Она суетилась. Натянула черные джинсы — они сидели идеально, в них не нужно было расстегивать верхнюю пуговицу после или даже во время еды. Как раньше говорили «в обтяжку». Впрочем, у нее все джинсы были, как вторая кожа, проблема была только в весе — если она весила 57, — все джинсы с нижней полки на ней сидели идеально, если 60 — то с верхней.
На самом деле, она впервые шла на свидание вслепую, это пугало и будоражило, но сидеть дома и просто стареть было нельзя.
Она добавила румян, совсем немного, к счастью, турецкий загар еще не совсем улетучился под снежными московскими завалами. Помада в цвет губ, новая темно-синяя тушь, зеленые тени, синий карандаш, и вот уже на нее смотрела довольно приятная мордочка. Обычно дома она не красилась — считалось, что кожа должна отдыхать, но с тех пор, как ее уволили, они вместе с кожей только и делали, что отдыхали.
Раньше она всегда говорила мужу: торопиться надо до выхода из дома, а потом это бесполезно и даже вредно, ты попадаешь в поток — все равно - в метро или в машине, который просто тебя несет. Пытаться его обогнать — такое же бесполезное и даже опасное занятие, как пытаться обогнать время.
Уже начался час-пик и пересадка на Белорусской заняла в 2 раза больше времени, чем обычно. Сердце стучало, она рвалась вперед, с трудом сдерживаясь, раздражаясь на всех этих людей, которые не давали ей пройти. Они ехали с работы, а она их тихо ненавидела, словно у них было больше прав быть сейчас здесь, в метро, чем у нее.
Ведь она могла встретиться днем. Впрочем, не могла, время и место выбирал он. Она вообще не знала, зачем сейчас туда едет. Какой-то чужой мужик назначил ей свидание. Она уже жалела, что согласилась. Сидела бы сейчас дома и пила чай, а потом бы посмотрела любимую французскую комедию, как всегда.

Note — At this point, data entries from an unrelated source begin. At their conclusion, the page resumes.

(* Let $\alpha\in\mathbb{N}_0$ and let $L_{2\alpha+4,x}^{\alpha}y(x)=(-1)^{\alpha+1}e^x x\,D_x^{\alpha+2}\{e^{-x}D_x^{\alpha+2}[x^{\alpha+1}y(x)]\}$. Then for all $n\in\mathbb{N}$, $$\big[L_{2\alpha+4,x}^{\alpha}+(n)_{\alpha+2}\big]T_n^{\alpha}(x)=0,\qquad 0\le x<\infty.$$
   Context: $D_x^i$ is the $i$-fold derivative; $(a)_k$ is the Pochhammer symbol. $L_n^{\gamma}(x)=\frac{(\gamma+1)_n}{n!}{}_1F_1(-n;\gamma+1;x)$ are the Laguerre polynomials, and for $n\ge1$, $T_n^{\alpha}(x)=-t_n^{\alpha}\,x\,L_{n-1}^{\alpha+2}(x)$ with $t_n^{\alpha}=(\alpha+2)_{n-1}/n!$. *)

From Stdlib Require Import Arith Factorial Reals ClassicalEpsilon.
Open Scope R_scope.

Fixpoint poch (a : R) (k : nat) : R :=
  match k with
  | O => 1
  | S k' => poch a k' * (a + INR k')
  end.

(* Terminating confluent hypergeometric series 1F1(-n; b; x).
   Since (-n)_k = 0 for k > n, the series is the finite sum over k = 0..n. *)
Definition hyp1F1_neg (n : nat) (b x : R) : R :=
  sum_f_R0 (fun k => poch (- INR n) k / poch b k * x ^ k / INR (fact k)) n.

Definition Laguerre (n : nat) (gamma x : R) : R :=
  poch (gamma + 1) n / INR (fact n) * hyp1F1_neg n (gamma + 1) x.

Definition tcoef (n alpha : nat) : R :=
  poch (INR alpha + 2) (n - 1) / INR (fact n).

Definition Tpoly (n alpha : nat) (x : R) : R :=
  - tcoef n alpha * x * Laguerre (n - 1) (INR alpha + 2) x.

(* Derivative of f at x (the unique l with derivable_pt_lim f x l when
   f is differentiable at x; an unspecified value otherwise). *)
Definition deriv (f : R -> R) : R -> R :=
  fun x => epsilon (inhabits 0) (fun l => derivable_pt_lim f x l).

Fixpoint Dn (i : nat) (f : R -> R) : R -> R :=
  match i with
  | O => f
  | S i' => deriv (Dn i' f)
  end.

Definition Lop (alpha : nat) (y : R -> R) (x : R) : R :=
  (-1) ^ (alpha + 1) * exp x * x *
  Dn (alpha + 2) (fun t => exp (- t) * Dn (alpha + 2) (fun s => s ^ (alpha + 1) * y s) t) x.

(* Put m = n - 1, so that x^(α+1) T_n^α(x) = -t x^(α+2) L_m^(α+2)(x).  Two
   Rodrigues-type identities evaluate the operator in closed form:
     D^g [x^g L_m^g] = (m+g)!/m! L_m      and      D^j [e^-x L_m] = (-1)^j e^-x L_m^j,
   whence L^α T_n^α = -(m+α+2)!/m! T_n^α = -(n)_(α+2) T_n^α.  Both identities are
   checked on coefficients, L_m^g having the coefficients (-1)^k C(m+g, m-k) / k!;
   the second one is Pascal's rule. *)

From Stdlib Require Import Factorial Reals Binomial Lia ClassicalEpsilon FunctionalExtensionality.
Open Scope R_scope.

Lemma deriv_of_derivable_pt_lim f x l : derivable_pt_lim f x l -> deriv f x = l.
Proof.
  intro Hl. apply (uniqueness_limite f x); [|exact Hl].
  apply (epsilon_spec (inhabits 0) (fun l => derivable_pt_lim f x l)).
  now exists l.
Qed.

Definition poly (c : nat -> R) (N : nat) (x : R) : R :=
  sum_f_R0 (fun k => c k * x ^ k) N.

Definition deg_le (c : nat -> R) (N : nat) : Prop :=
  forall k, (N < k)%nat -> c k = 0.

Definition deriv_coef (c : nat -> R) : nat -> R := fun k => INR (S k) * c (S k).

(* Coefficients of q in (e^-x p)' = e^-x q, where p has coefficients c. *)
Definition expN_deriv_coef (c : nat -> R) : nat -> R := fun k => deriv_coef c k - c k.

Definition shift_coef (b : nat) (c : nat -> R) : nat -> R :=
  fun k => if Nat.leb b k then c (k - b)%nat else 0.

Lemma poly_minus c d N x : poly (fun k => c k - d k) N x = poly c N x - poly d N x.
Proof. unfold poly. rewrite <- minus_sum. apply sum_eq. intros. ring. Qed.

Lemma poly_scal (K : R) c N x : poly (fun k => K * c k) N x = K * poly c N x.
Proof. unfold poly. rewrite scal_sum. apply sum_eq. intros. ring. Qed.

Lemma poly_extend c m d x : deg_le c m -> poly c (m + d) x = poly c m x.
Proof.
  intro Hc. induction d as [|d IHd]; [now rewrite Nat.add_0_r|].
  rewrite Nat.add_succ_r. unfold poly in *. simpl sum_f_R0.
  rewrite IHd, Hc by lia. ring.
Qed.

Lemma sum_f_R0_shift b : forall m h,
  sum_f_R0 (fun k => if Nat.leb b k then h (k - b)%nat else 0) (m + b) = sum_f_R0 h m.
Proof.
  induction b as [|b IHb]; intros m h.
  - rewrite Nat.add_0_r. apply sum_eq. intros i _. now rewrite Nat.sub_0_r.
  - rewrite Nat.add_succ_r, decomp_sum by lia. simpl Nat.leb at 1.
    rewrite Rplus_0_l. apply IHb.
Qed.

Lemma poly_shift_coef b c m x : x ^ b * poly c m x = poly (shift_coef b c) (m + b) x.
Proof.
  unfold poly, shift_coef.
  transitivity (sum_f_R0 (fun k => if Nat.leb b k then
      (fun j => c j * x ^ (j + b)) (k - b)%nat else 0) (m + b)).
  - rewrite (sum_f_R0_shift b m (fun j => c j * x ^ (j + b))), scal_sum. apply sum_eq. intros j _. rewrite pow_add. ring.
  - apply sum_eq. intros k _. destruct (Nat.leb b k) eqn:Hbk; [|ring].
    apply Nat.leb_le in Hbk. now replace (k - b + b)%nat with k by lia.
Qed.

Lemma derivable_pt_lim_poly_trunc c N x :
  derivable_pt_lim (poly c N) x (poly (deriv_coef c) N x - INR (S N) * c (S N) * x ^ N).
Proof.
  induction N as [|N IHN].
  - change (poly c 0) with (fct_cte (c 0%nat * 1)).
    replace (_ - _) with 0 by (unfold poly, deriv_coef; simpl; ring).
    apply derivable_pt_lim_const.
  - change (poly c (S N))
      with (plus_fct (poly c N) (mult_real_fct (c (S N)) (fun y => y ^ S N))).
    replace (_ - _) with ((poly (deriv_coef c) N x - INR (S N) * c (S N) * x ^ N)
                          + c (S N) * (INR (S N) * x ^ Init.Nat.pred (S N)))
      by (unfold poly, deriv_coef; cbn [sum_f_R0 Init.Nat.pred pow]; ring).
    apply derivable_pt_lim_plus; [exact IHN|].
    apply derivable_pt_lim_scal, derivable_pt_lim_pow.
Qed.

Lemma derivable_pt_lim_poly c N x :
  c (S N) = 0 -> derivable_pt_lim (poly c N) x (poly (deriv_coef c) N x).
Proof.
  intro Hc. pose proof (derivable_pt_lim_poly_trunc c N x) as D. rewrite Hc in D.
  now replace (poly (deriv_coef c) N x - _) with (poly (deriv_coef c) N x) in D by ring.
Qed.

Lemma derivable_pt_lim_expN_poly c N x : c (S N) = 0 ->
  derivable_pt_lim (fun s => exp (- s) * poly c N s) x
    (exp (- x) * poly (expN_deriv_coef c) N x).
Proof.
  intro Hc.
  change (fun s => exp (- s) * poly c N s) with (mult_fct (comp exp (opp_fct id)) (poly c N)).
  replace (exp (- x) * _) with
    ((exp (- x) * - 1) * poly c N x + exp (- x) * poly (deriv_coef c) N x)
    by (unfold expN_deriv_coef; rewrite poly_minus; ring).
  assert (Hexp : derivable_pt_lim (comp exp (opp_fct id)) x (exp (- x) * - 1)).
  { apply derivable_pt_lim_comp.
    - apply derivable_pt_lim_opp, derivable_pt_lim_id.
    - apply derivable_pt_lim_exp. }
  exact (derivable_pt_lim_mult _ _ x _ _ Hexp (derivable_pt_lim_poly c N x Hc)).
Qed.

Lemma deg_le_deriv_coef c N : deg_le c N -> deg_le (deriv_coef c) N.
Proof. intros Hc k Hk. unfold deriv_coef. rewrite Hc by lia. ring. Qed.

Lemma deg_le_expN_deriv_coef c N : deg_le c N -> deg_le (expN_deriv_coef c) N.
Proof.
  intros Hc k Hk. unfold expN_deriv_coef.
  rewrite (deg_le_deriv_coef c N Hc k Hk), Hc by lia. ring.
Qed.

Lemma deg_le_iter f i c N : (forall d, deg_le d N -> deg_le (f d) N) ->
  deg_le c N -> deg_le (Nat.iter i f c) N.
Proof. intros Hf Hc. induction i; [exact Hc|]. now apply Hf. Qed.

Lemma Dn_poly i c N : deg_le c N -> Dn i (poly c N) = poly (Nat.iter i deriv_coef c) N.
Proof.
  intro Hc. induction i as [|i IHi]; [reflexivity|].
  simpl Dn. rewrite IHi. apply functional_extensionality; intro x.
  apply deriv_of_derivable_pt_lim, derivable_pt_lim_poly.
  apply (deg_le_iter _ i _ _ (fun d => deg_le_deriv_coef d N) Hc). lia.
Qed.

Lemma Dn_expN_poly i c N : deg_le c N ->
  Dn i (fun s => exp (- s) * poly c N s)
  = (fun s => exp (- s) * poly (Nat.iter i expN_deriv_coef c) N s).
Proof.
  intro Hc. induction i as [|i IHi]; [reflexivity|].
  simpl Dn. rewrite IHi. apply functional_extensionality; intro x.
  apply deriv_of_derivable_pt_lim, derivable_pt_lim_expN_poly.
  apply (deg_le_iter _ i _ _ (fun d => deg_le_expN_deriv_coef d N) Hc). lia.
Qed.

Lemma iter_deriv_coef i : forall c k,
  Nat.iter i deriv_coef c k = INR (fact (k + i)) / INR (fact k) * c (k + i)%nat.
Proof.
  induction i as [|i IHi]; intros c k.
  - simpl. rewrite Nat.add_0_r. field. apply INR_fact_neq_0.
  - simpl Nat.iter. unfold deriv_coef at 1. rewrite IHi.
    replace (S k + i)%nat with (k + S i)%nat by lia.
    change (fact (S k)) with (S k * fact k)%nat. rewrite mult_INR.
    field. split; [apply INR_fact_neq_0 | apply not_0_INR; lia].
Qed.

Lemma poch_INR_succ j k : poch (INR j + 1) k = INR (fact (j + k)) / INR (fact j).
Proof.
  induction k as [|k IHk].
  - simpl. rewrite Nat.add_0_r. field. apply INR_fact_neq_0.
  - simpl poch. rewrite IHk, Nat.add_succ_r.
    change (fact (S (j + k))) with (S (j + k) * fact (j + k))%nat.
    rewrite mult_INR, S_INR, plus_INR. field. apply INR_fact_neq_0.
Qed.

Lemma poch_opp_INR m k : (k <= m)%nat ->
  poch (- INR m) k = (-1) ^ k * INR (fact m) / INR (fact (m - k)).
Proof.
  induction k as [|k IHk]; intro Hk.
  - simpl. rewrite Nat.sub_0_r. field. apply INR_fact_neq_0.
  - simpl poch. rewrite IHk by lia.
    assert (Em : (m - k = S (m - S k))%nat) by lia.
    assert (Ek : INR (S (m - S k)) = INR m - INR k)
      by (rewrite <- Em; apply minus_INR; lia).
    assert (INR m - INR k <> 0) by (rewrite <- Ek; apply not_0_INR; lia).
    rewrite Em. change (fact (S (m - S k))) with (S (m - S k) * fact (m - S k))%nat.
    rewrite mult_INR, Ek. simpl pow.
    field. split; [apply INR_fact_neq_0 | assumption].
Qed.

Definition laguerre_coef (m g k : nat) : R :=
  if Nat.leb k m then (-1) ^ k * C (m + g) (m - k) / INR (fact k) else 0.

Lemma deg_le_laguerre_coef m g : deg_le (laguerre_coef m g) m.
Proof.
  intros k Hk. unfold laguerre_coef.
  now replace (Nat.leb k m) with false by (symmetry; apply Nat.leb_gt; lia).
Qed.

Lemma Laguerre_poly m g x : Laguerre m (INR g) x = poly (laguerre_coef m g) m x.
Proof.
  unfold Laguerre, hyp1F1_neg, poly. rewrite scal_sum. apply sum_eq. intros k Hk.
  unfold laguerre_coef. replace (Nat.leb k m) with true by (symmetry; apply Nat.leb_le; lia).
  rewrite !poch_INR_succ, poch_opp_INR by lia. unfold C.
  replace (m + g - (m - k))%nat with (g + k)%nat by lia.
  rewrite (Nat.add_comm m g). field. repeat split; apply INR_fact_neq_0.
Qed.

Lemma fact_ratio_laguerre_coef m g k :
  INR (fact (k + g)) / INR (fact k) * laguerre_coef m g k
  = INR (fact (m + g)) / INR (fact m) * laguerre_coef m 0 k.
Proof.
  unfold laguerre_coef. destruct (Nat.leb k m) eqn:Hkm; [|ring].
  apply Nat.leb_le in Hkm. unfold C.
  replace (m + g - (m - k))%nat with (k + g)%nat by lia.
  replace (m + 0 - (m - k))%nat with k by lia. rewrite Nat.add_0_r.
  field. repeat split; apply INR_fact_neq_0.
Qed.

Lemma expN_deriv_laguerre_coef m g k :
  expN_deriv_coef (laguerre_coef m g) k = - laguerre_coef m (S g) k.
Proof.
  unfold expN_deriv_coef, deriv_coef, laguerre_coef.
  destruct (Nat.lt_total k m) as [Hlt | [-> | Hgt]].
  - replace (Nat.leb (S k) m) with true by (symmetry; apply Nat.leb_le; lia).
    replace (Nat.leb k m) with true by (symmetry; apply Nat.leb_le; lia).
    pose proof (pascal (m + g) (m - S k)) as Hp.
    replace (S (m - S k)) with (m - k)%nat in Hp by lia.
    replace (S (m + g)) with (m + S g)%nat in Hp by lia.
    rewrite <- Hp by lia.
    change (fact (S k)) with (S k * fact k)%nat. rewrite mult_INR. simpl pow.
    field. split; [apply INR_fact_neq_0 | apply not_0_INR; lia].
  - replace (Nat.leb (S m) m) with false by (symmetry; apply Nat.leb_gt; lia).
    rewrite Nat.leb_refl, Nat.sub_diag. unfold C. rewrite !Nat.sub_0_r.
    field. repeat split; apply INR_fact_neq_0.
  - replace (Nat.leb (S k) m) with false by (symmetry; apply Nat.leb_gt; lia).
    replace (Nat.leb k m) with false by (symmetry; apply Nat.leb_gt; lia). ring.
Qed.

Lemma iter_expN_deriv_laguerre_coef K m i k :
  Nat.iter i expN_deriv_coef (fun k => K * laguerre_coef m 0 k) k
  = K * (-1) ^ i * laguerre_coef m i k.
Proof.
  revert k. induction i as [|i IHi]; intro k; [simpl; ring|].
  simpl Nat.iter. unfold expN_deriv_coef at 1, deriv_coef. rewrite !IHi.
  pose proof (expN_deriv_laguerre_coef m i k) as Hi.
  unfold expN_deriv_coef, deriv_coef in Hi.
  transitivity (K * (-1) ^ i * (INR (S k) * laguerre_coef m i (S k) - laguerre_coef m i k));
    [ring | rewrite Hi; simpl pow; ring].
Qed.

Lemma Dn_pow_Laguerre K m g :
  Dn g (fun s => K * (s ^ g * Laguerre m (INR g) s))
  = (fun s => K * (INR (fact (m + g)) / INR (fact m)) * Laguerre m 0 s).
Proof.
  set (c := fun k => K * shift_coef g (laguerre_coef m g) k).
  assert (Hc : deg_le c (m + g)).
  { intros k Hk. unfold c, shift_coef.
    destruct (Nat.leb g k); [rewrite deg_le_laguerre_coef by lia|]; ring. }
  replace (fun s => K * _) with (poly c (m + g)); cycle 1.
  { apply functional_extensionality; intro s.
    now rewrite Laguerre_poly, poly_shift_coef, <- poly_scal. }
  rewrite Dn_poly by exact Hc. apply functional_extensionality; intro s.
  change 0 with (INR 0). rewrite Laguerre_poly, <- poly_scal.
  rewrite <- (poly_extend _ m g s) by (intros k Hk; rewrite deg_le_laguerre_coef by lia; ring).
  f_equal. apply functional_extensionality; intro k.
  rewrite iter_deriv_coef. unfold c, shift_coef.
  replace (Nat.leb g (k + g)) with true by (symmetry; apply Nat.leb_le; lia).
  replace (k + g - g)%nat with k by lia.
  transitivity (K * (INR (fact (k + g)) / INR (fact k) * laguerre_coef m g k));
    [ring | rewrite fact_ratio_laguerre_coef; ring].
Qed.

Lemma Dn_expN_Laguerre K m j :
  Dn j (fun s => exp (- s) * (K * Laguerre m 0 s))
  = (fun s => K * (-1) ^ j * exp (- s) * Laguerre m (INR j) s).
Proof.
  replace (fun s => exp (- s) * _)
    with (fun s => exp (- s) * poly (fun k => K * laguerre_coef m 0 k) m s); cycle 1.
  { apply functional_extensionality; intro s.
    change 0 with (INR 0). now rewrite Laguerre_poly, poly_scal. }
  rewrite Dn_expN_poly; cycle 1.
  { intros k Hk. rewrite deg_le_laguerre_coef by lia. ring. }
  apply functional_extensionality; intro s. rewrite Laguerre_poly.
  replace (Nat.iter j _ _) with (fun k => K * (-1) ^ j * laguerre_coef m j k)
    by (apply functional_extensionality; intro k;
        symmetry; apply iter_expN_deriv_laguerre_coef).
  rewrite poly_scal. ring.
Qed.

Lemma Tpoly_Laguerre m alpha s :
  Tpoly (S m) alpha s = - tcoef (S m) alpha * s * Laguerre m (INR (alpha + 2)) s.
Proof.
  unfold Tpoly. replace (S m - 1)%nat with m by lia.
  now rewrite plus_INR.
Qed.

Theorem corollary2p2 (alpha n : nat) (hn : (1 <= n)%nat) (x : R) (hx : 0 <= x) :
  Lop alpha (Tpoly n alpha) x + poch (INR n) (alpha + 2) * Tpoly n alpha x = 0.
Proof.
  (* The identity is polynomial in x. *)
  destruct n as [|m]; [lia|].
  set (t := tcoef (S m) alpha).
  set (F := INR (fact (m + (alpha + 2))) / INR (fact m)).
  assert (Hpow : (fun s => s ^ (alpha + 1) * Tpoly (S m) alpha s)
               = (fun s => - t * (s ^ (alpha + 2) * Laguerre m (INR (alpha + 2)) s))).
  { apply functional_extensionality; intro s. rewrite Tpoly_Laguerre. fold t.
    replace (alpha + 2)%nat with (S (alpha + 1)) by lia. simpl pow. ring. }
  assert (Hsign : (-1) ^ (alpha + 1) * (-1) ^ (alpha + 2) = -1).
  { rewrite <- pow_add.
    replace (alpha + 1 + (alpha + 2))%nat with (S (2 * (alpha + 1))) by lia.
    apply pow_1_odd. }
  unfold Lop. rewrite Hpow, Dn_pow_Laguerre. fold F.
  rewrite Dn_expN_Laguerre, Tpoly_Laguerre, S_INR, poch_INR_succ. fold F t.
  transitivity ((-1) ^ (alpha + 1) * (-1) ^ (alpha + 2) * (exp x * exp (- x))
                * - t * F * x * Laguerre m (INR (alpha + 2)) x
                - t * F * x * Laguerre m (INR (alpha + 2)) x); [ring|].
  rewrite Hsign, <- exp_plus, Rplus_opp_r, exp_0. ring.
Qed.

Иногда ей хотелось вырваться из своего убежища, окунуться в это море людей, встретиться с подругами или однокурсниками, но после этого обычно накатывало такое опустошение… Что она перестала ходить на такие встречи, а лучшей подруги у нее не было.
M***N L**E — загадочно произнес он вчера по телефону. Один из лучших греческих ресторанов в Москве! Кажется, он любит произвести впечатление. Наверное, приедет на машине, интересно, какой, и закажет самый лучший столик, у окна... Будет падать снег хлопьями, заиграет греческая музыка… Они будут пить рецину, есть хорьятики, тарамасалат, мусаку, стифадо или софрито...
- Девушка, вы сейчас выходите?
Спасибо за девушку, — подумала она, — выхожу!
Потом бегом по Большой Грузинской, только бы не упасть и не вспотеть. Чертова шапка опять испортит прическу — примнет волосы, ненавижу зиму, — думала она.
И почему я стала такая злая? Когда -то была хохотушкой и веселила всех вокруг, мальчишки любили ее не за красоту, которой не было, а за легкий характер и умение всех развлекать.
С возрастом все это куда-то ушло и из плюсов остались только глаза, зеленые, искренние, как у ребенка.
Если бы кто-то захотел, он бы мог увидеть в них душу. Но уже много лет ей никто не смотрел в глаза.
К счастью, ресторан она нашла быстро. С трудом освободилась от тяжелого, хоть и пухового пальто, спасибо доброму гардеробщику, взлетела по лестнице, как девчонка, и растерялась…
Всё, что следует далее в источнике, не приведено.